Они снова помолчали.

- Как же я не заметил... Вы не хотите, чтобы я пошёл к Клариссе сейчас? - спросил священник.

- Нет, - отозвался Эрик и прибавил: - Спасибо. Может быть, завтра?

- Я всегда готов вам помочь, чем могу.

- Только ей не рассказывайте...

- Эрик, я ведь только что говорил... - Лезерье позволил себе чуть улыбнуться, и собеседник понял его:

- Да-да, святой отец, - на вас положиться можно, я знаю. До свидания.


- Кристина...

- Да?

- Ты замечала, что в последнее время творится с Клариссой?

- А что такого заметил ты?

Он растерянно моргнул - нет, не показалось, жена и в самом деле улыбалась. Она что, ничего не подозревает?

- Тебе не казалось, что она... чувствует себя неважно?

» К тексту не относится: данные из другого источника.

Lemma clamp_in lo hi s : lo <= hi -> lo <= clamp lo hi s <= hi.
Proof. unfold clamp, Rmax, Rmin; repeat destruct Rle_dec; lra. Qed.

Lemma clamp_id lo hi s : lo <= s <= hi -> clamp lo hi s = s.
Proof. unfold clamp, Rmax, Rmin; repeat destruct Rle_dec; lra. Qed.

Lemma clamp_dist lo hi s s' : lo <= hi -> Rabs (clamp lo hi s - clamp lo hi s') <= Rabs (s - s').
Proof. unfold clamp, Rmax, Rmin; repeat destruct Rle_dec; intros; split_Rabs; lra. Qed.

(* Apply [MVT_gen] to [g] precomposed with the clamp onto the segment. *)
Lemma MVT_within (D : R -> Prop) g g' c d :
  (forall s, Rmin c d <= s <= Rmax c d -> D s) ->
  (forall s, Rmin c d <= s <= Rmax c d -> is_deriv_within D g s (g' s)) ->
  exists xi, Rmin c d <= xi <= Rmax c d /\ g d - g c = g' xi * (d - c).
Proof.
  intros HD Hg.
  set (lo := Rmin c d) in *. set (hi := Rmax c d) in *.
  assert (Hc : lo <= c <= hi) by (split; [apply Rmin_l|apply Rmax_l]).
  assert (Hd : lo <= d <= hi) by (split; [apply Rmin_r|apply Rmax_r]).
  destruct (MVT_gen (fun s => g (clamp lo hi s)) c d g') as [xi [Hxi E]].
  - intros x Hx; fold lo hi in Hx. apply is_derive_Reals. intros eps Heps.
    destruct (proj1 (is_deriv_within_spec D g x (g' x)) (Hg x ltac:(lra)) eps Heps)
      as [de [Hde Hh]].
    assert (P : 0 < Rmin de (Rmin (x - lo) (hi - x))) by (repeat apply Rmin_glb_lt; lra).
    exists (mkposreal _ P). intros h Hh0 Hhd; simpl in Hhd.
    apply Rmin_Rgt in Hhd as [Hh1 Hhd]. apply Rmin_Rgt in Hhd as [Hh2 Hh3].
    assert (Hin : lo <= x + h <= hi) by (split_Rabs; lra).
    rewrite !clamp_id by lra. apply Hh; auto.
  - intros x Hx; fold lo hi in Hx. apply continuity_pt_filterlim. intros P [e He].
    destruct (is_deriv_within_continuous D g x (g' x) (Hg x Hx) e (cond_pos e))
      as [de [Hde Hh]].
    exists (mkposreal de Hde). intros y Hy. apply He.
    change (Rabs (g (clamp lo hi y) - g (clamp lo hi x)) < e).
    assert (Hlh : lo <= hi) by lra.
    rewrite (clamp_id lo hi x) by exact Hx.
    apply Hh; [apply HD, clamp_in, Hlh|].
    pose proof (clamp_dist lo hi y x Hlh) as Hdist.
    rewrite (clamp_id lo hi x) in Hdist by exact Hx.
    eapply Rle_lt_trans; [exact Hdist | exact Hy].
  - exists xi. split; [exact Hxi|]. rewrite !clamp_id in E by assumption. exact E.
Qed.

Definition continuous_on_segment (a b : R) (f : R -> R) : Prop :=
  forall x, a <= x <= b -> forall eps, 0 < eps -> exists delta, 0 < delta /\
    forall y, a <= y <= b -> Rabs (y - x) < delta -> Rabs (f y - f x) < eps.

Lemma continuous_clamp a b f : a <= b -> continuous_on_segment a b f ->
  forall z, continuous (fun s => f (clamp a b s)) z.
Proof.
  intros Hab Hf z P [e He].
  destruct (Hf (clamp a b z) (clamp_in a b z Hab) e (cond_pos e)) as [d [Hd H]].
  exists (mkposreal d Hd). intros y Hy. apply He, H; [apply clamp_in, Hab|].
  eapply Rle_lt_trans; [apply clamp_dist, Hab | exact Hy].
Qed.

Lemma ex_RInt_segment a b f : a <= b -> continuous_on_segment a b f -> ex_RInt f a b.
Proof.
  intros Hab Hf. apply ex_RInt_ext with (fun s => f (clamp a b s)).
  { intros x Hx. rewrite Rmin_left, Rmax_right in Hx by exact Hab.
    rewrite clamp_id by lra. reflexivity. }
  apply (@ex_RInt_continuous R_CompleteNormedModule). intros; apply continuous_clamp; assumption.
Qed.

(* One-sided derivatives at the endpoints suffice: [x |-> RInt f a x - F x] has zero
   derivative on the segment, so [MVT_within] makes it constant. *)
Lemma RInt_is_deriv_within a b F f : a <= b ->
  (forall x, a <= x <= b -> is_deriv_within (fun y => a <= y <= b) F x (f x)) ->
  continuous_on_segment a b f -> RInt f a b = F b - F a.
Proof.
  intros Hab HF Hf.
  set (fc := fun s => f (clamp a b s)).
  assert (Hfc : forall z, continuous fc z) by (apply continuous_clamp; assumption).
  assert (Hfc_seg : forall s, a <= s <= b -> fc s = f s)
    by (intros; unfold fc; rewrite clamp_id; auto).
  destruct (MVT_within (fun y => a <= y <= b) (fun y => RInt fc a y - F y) (fun _ => 0) a b)
    as [xi [_ E]]; rewrite ?Rmin_left, ?Rmax_right by exact Hab.
  - auto.
  - intros s Hs. replace 0 with (f s - f s) by ring.
    apply is_deriv_within_minus; [|exact (HF s Hs)].
    apply is_derive_is_deriv_within. rewrite <- Hfc_seg by exact Hs.
    apply (is_derive_RInt fc (fun y => RInt fc a y) a); [|apply Hfc].
    apply filter_forall. intros y.
    apply (@RInt_correct R_CompleteNormedModule), (@ex_RInt_continuous R_CompleteNormedModule).
    intros; apply Hfc.
  - rewrite RInt_point in E. change zero with 0 in E.
    rewrite (RInt_ext f fc); [lra|].
    intros x Hx. rewrite Rmin_left, Rmax_right in Hx by exact Hab.
    symmetry; apply Hfc_seg; lra.
Qed.

Lemma MVT_increment_2d (P p1 p2 : R -> R -> R) x y x' y' :
  (forall x y, is_derive (fun s => P s y) x (p1 x y)) ->
  (forall x y, is_derive (fun s => P x s) y (p2 x y)) ->
  exists xi eta, Rabs (xi - x) <= Rabs (x' - x) /\ Rabs (eta - y) <= Rabs (y' - y) /\
    P x' y' - P x y = p1 xi y' * (x' - x) + p2 x eta * (y' - y).
Proof.
  intros H1 H2.
  destruct (MVT_gen (fun s => P s y') x x' (fun s => p1 s y')) as [xi [Hxi E1]].
  { intros; apply H1. }
  { intros s _. apply continuity_pt_filterlim.
    apply (@ex_derive_continuous _ R_NormedModule (fun s => P s y')). exists (p1 s y'); apply H1. }
  destruct (MVT_gen (fun s => P x s) y y' (p2 x)) as [eta [Heta E2]].
  { intros; apply H2. }
  { intros s _. apply continuity_pt_filterlim.
    apply (@ex_derive_continuous _ R_NormedModule (fun s => P x s)). exists (p2 x s); apply H2. }
  exists xi, eta. split; [apply Rabs_between, Hxi|]. split; [apply Rabs_between, Heta|].
  simpl in E1, E2. rewrite <- E1, <- E2. ring.
Qed.

Lemma is_deriv_within_comp2 (D : R -> Prop) (P p1 p2 : R -> R -> R) F F' x0 :
  (forall x y, is_derive (fun s => P s y) x (p1 x y)) ->
  (forall x y, is_derive (fun s => P x s) y (p2 x y)) ->
  continuity_2d_pt p1 x0 (F x0) -> continuity_2d_pt p2 x0 (F x0) ->
  is_deriv_within D F x0 F' ->
  is_deriv_within D (fun x => P x (F x)) x0 (p1 x0 (F x0) + p2 x0 (F x0) * F').
Proof.
  intros H1 H2 C1 C2 HF. apply is_deriv_within_spec. intros eps Heps.
  set (K := Rabs F' + 1). set (U := Rabs (p2 x0 (F x0)) + 1).
  assert (HK : 0 < K) by (unfold K; pose proof (Rabs_pos F'); lra).
  assert (HU : 0 < U) by (unfold U; pose proof (Rabs_pos (p2 x0 (F x0))); lra).
  destruct (C1 (mkposreal (eps / 3) ltac:(lra))) as [d1 E1].
  destruct (C2 (mkposreal (eps / (3 * K)) ltac:(apply Rdiv_lt_0_compat; lra))) as [d2 E2].
  destruct (is_deriv_within_continuous D F x0 F' HF (Rmin d1 d2)) as [dF [HdF EF]].
  { apply Rmin_glb_lt; apply cond_pos. }
  destruct (proj1 (is_deriv_within_spec D F x0 F') HF (Rmin 1 (eps / (3 * U))))
    as [dq [Hdq Eq]].
  { apply Rmin_glb_lt; [lra | apply Rdiv_lt_0_compat; lra]. }
  exists (Rmin d1 (Rmin dF dq)); split; [repeat apply Rmin_glb_lt; try apply cond_pos; assumption|].
  intros h Hh0 HD Hh. apply Rmin_Rgt in Hh as [Hh1 Hh]. apply Rmin_Rgt in Hh as [HhF Hhq].
  specialize (Eq h Hh0 HD Hhq). apply Rmin_Rgt in Eq as [Eq1 Eq2].
  assert (Hy : Rabs (F (x0 + h) - F x0) < Rmin d1 d2)
    by (apply EF; [exact HD | replace (x0 + h - x0) with h by ring; exact HhF]).
  apply Rmin_Rgt in Hy as [Hy1 Hy2].
  destruct (MVT_increment_2d P p1 p2 x0 (F x0) (x0 + h) (F (x0 + h)) H1 H2)
    as [xi [eta [Hxi [Heta Einc]]]].
  replace (x0 + h - x0) with h in Hxi, Einc by ring.
  set (q := (F (x0 + h) - F x0) / h) in *.
  replace ((P (x0 + h) (F (x0 + h)) - P x0 (F x0)) / h - (p1 x0 (F x0) + p2 x0 (F x0) * F'))
    with ((p1 xi (F (x0 + h)) - p1 x0 (F x0)) + (p2 x0 eta - p2 x0 (F x0)) * q
          + p2 x0 (F x0) * (q - F')) by (rewrite Einc; unfold q; field; exact Hh0).
  assert (B1 : Rabs (p1 xi (F (x0 + h)) - p1 x0 (F x0)) < eps / 3) by (apply E1; lra).
  assert (Hq : Rabs q <= K).
  { pose proof (Rabs_triang F' (q - F')) as Htri.
    replace (F' + (q - F')) with q in Htri by ring. unfold K; lra. }
  assert (B2 : Rabs ((p2 x0 eta - p2 x0 (F x0)) * q) <= eps / 3).
  { replace (eps / 3) with (eps / (3 * K) * K) by (field; lra).
    apply Rabs_mult_le; [left; apply E2; [|lra] | exact Hq].
    unfold Rminus; rewrite Rplus_opp_r, Rabs_R0; apply cond_pos. }
  assert (B3 : Rabs (p2 x0 (F x0) * (q - F')) <= eps / 3).
  { replace (eps / 3) with (U * (eps / (3 * U))) by (field; lra).
    apply Rabs_mult_le; [unfold U | ]; lra. }
  pose proof (Rabs_triang (p1 xi (F (x0 + h)) - p1 x0 (F x0) + (p2 x0 eta - p2 x0 (F x0)) * q)
    (p2 x0 (F x0) * (q - F'))).
  pose proof (Rabs_triang (p1 xi (F (x0 + h)) - p1 x0 (F x0)) ((p2 x0 eta - p2 x0 (F x0)) * q)).
  lra.
Qed.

- Эрик, - она усмехнулась, - с нашей дочкой всё нормально.

- Что?! - вырвалось у него.

- Ну-ну, кричать незачем, - Кристина ещё шире улыбнулась. - Успокойся, папа. Мы думали, что ты не заметишь! Всё уже почти прошло.

- Прошло?!

- Рано или поздно это должно было случиться. Немного раньше, может быть, чем мы ожидали.

- Да о чём ты, господи! - уже еле сдерживался он.

Она слегка отстранилась и чуть поджала губы:

- О женском недомогании, если тебе так угодно.

Он прямо-таки обвис от неожиданности. Шумно выдохнул:

- Ах, вот оно что...

- Всего-то, - усмехнулась Кристина. - Эх вы, папы...

Снова эта тяжесть придавливает его - второй раз за день. Вот как, значит... Одно к одному. Именно в тот период, когда такими важными становятся вопросы о красоте, о женственности, о привлекательности, - когда любая девочка особенно страдает от замечаний по поводу внешности, - его дочери пришлось услышать то, что она услышала.

- Кристина, а у неё давно это...?

- Всё-то тебя интересует, отец взрослеющей дочери. Три дня. Устраивает? Я же говорю, всё почти прошло. Сначала, конечно, больно было. Доктор успокоил, дал какой-то отвар из трав, очень хорошо помогло.

- А до этого ты ничего... не замечала?

- Ну была она... грустнее обычного, это да. Аппетит почти пропал, даже лицом похудела немного. Знаешь, как это бывает, - не понимала, что с ней такое. А потом всё стало ясно.

- Недели через две?

- Эрик, да что ты так интересуешься точными сроками?

- Ты не помнишь?

- Ну... до твоего отъезда я этого вроде не замечала.

В дверь постучала Сабина - ужин подан.


За столом Кристина упомянула, что у Мартенелей гостил племянник.

- А! - протянул Эрик, стараясь не подавать виду, как его это заинтересовало. - Я вроде слышал вчера, что у них гость.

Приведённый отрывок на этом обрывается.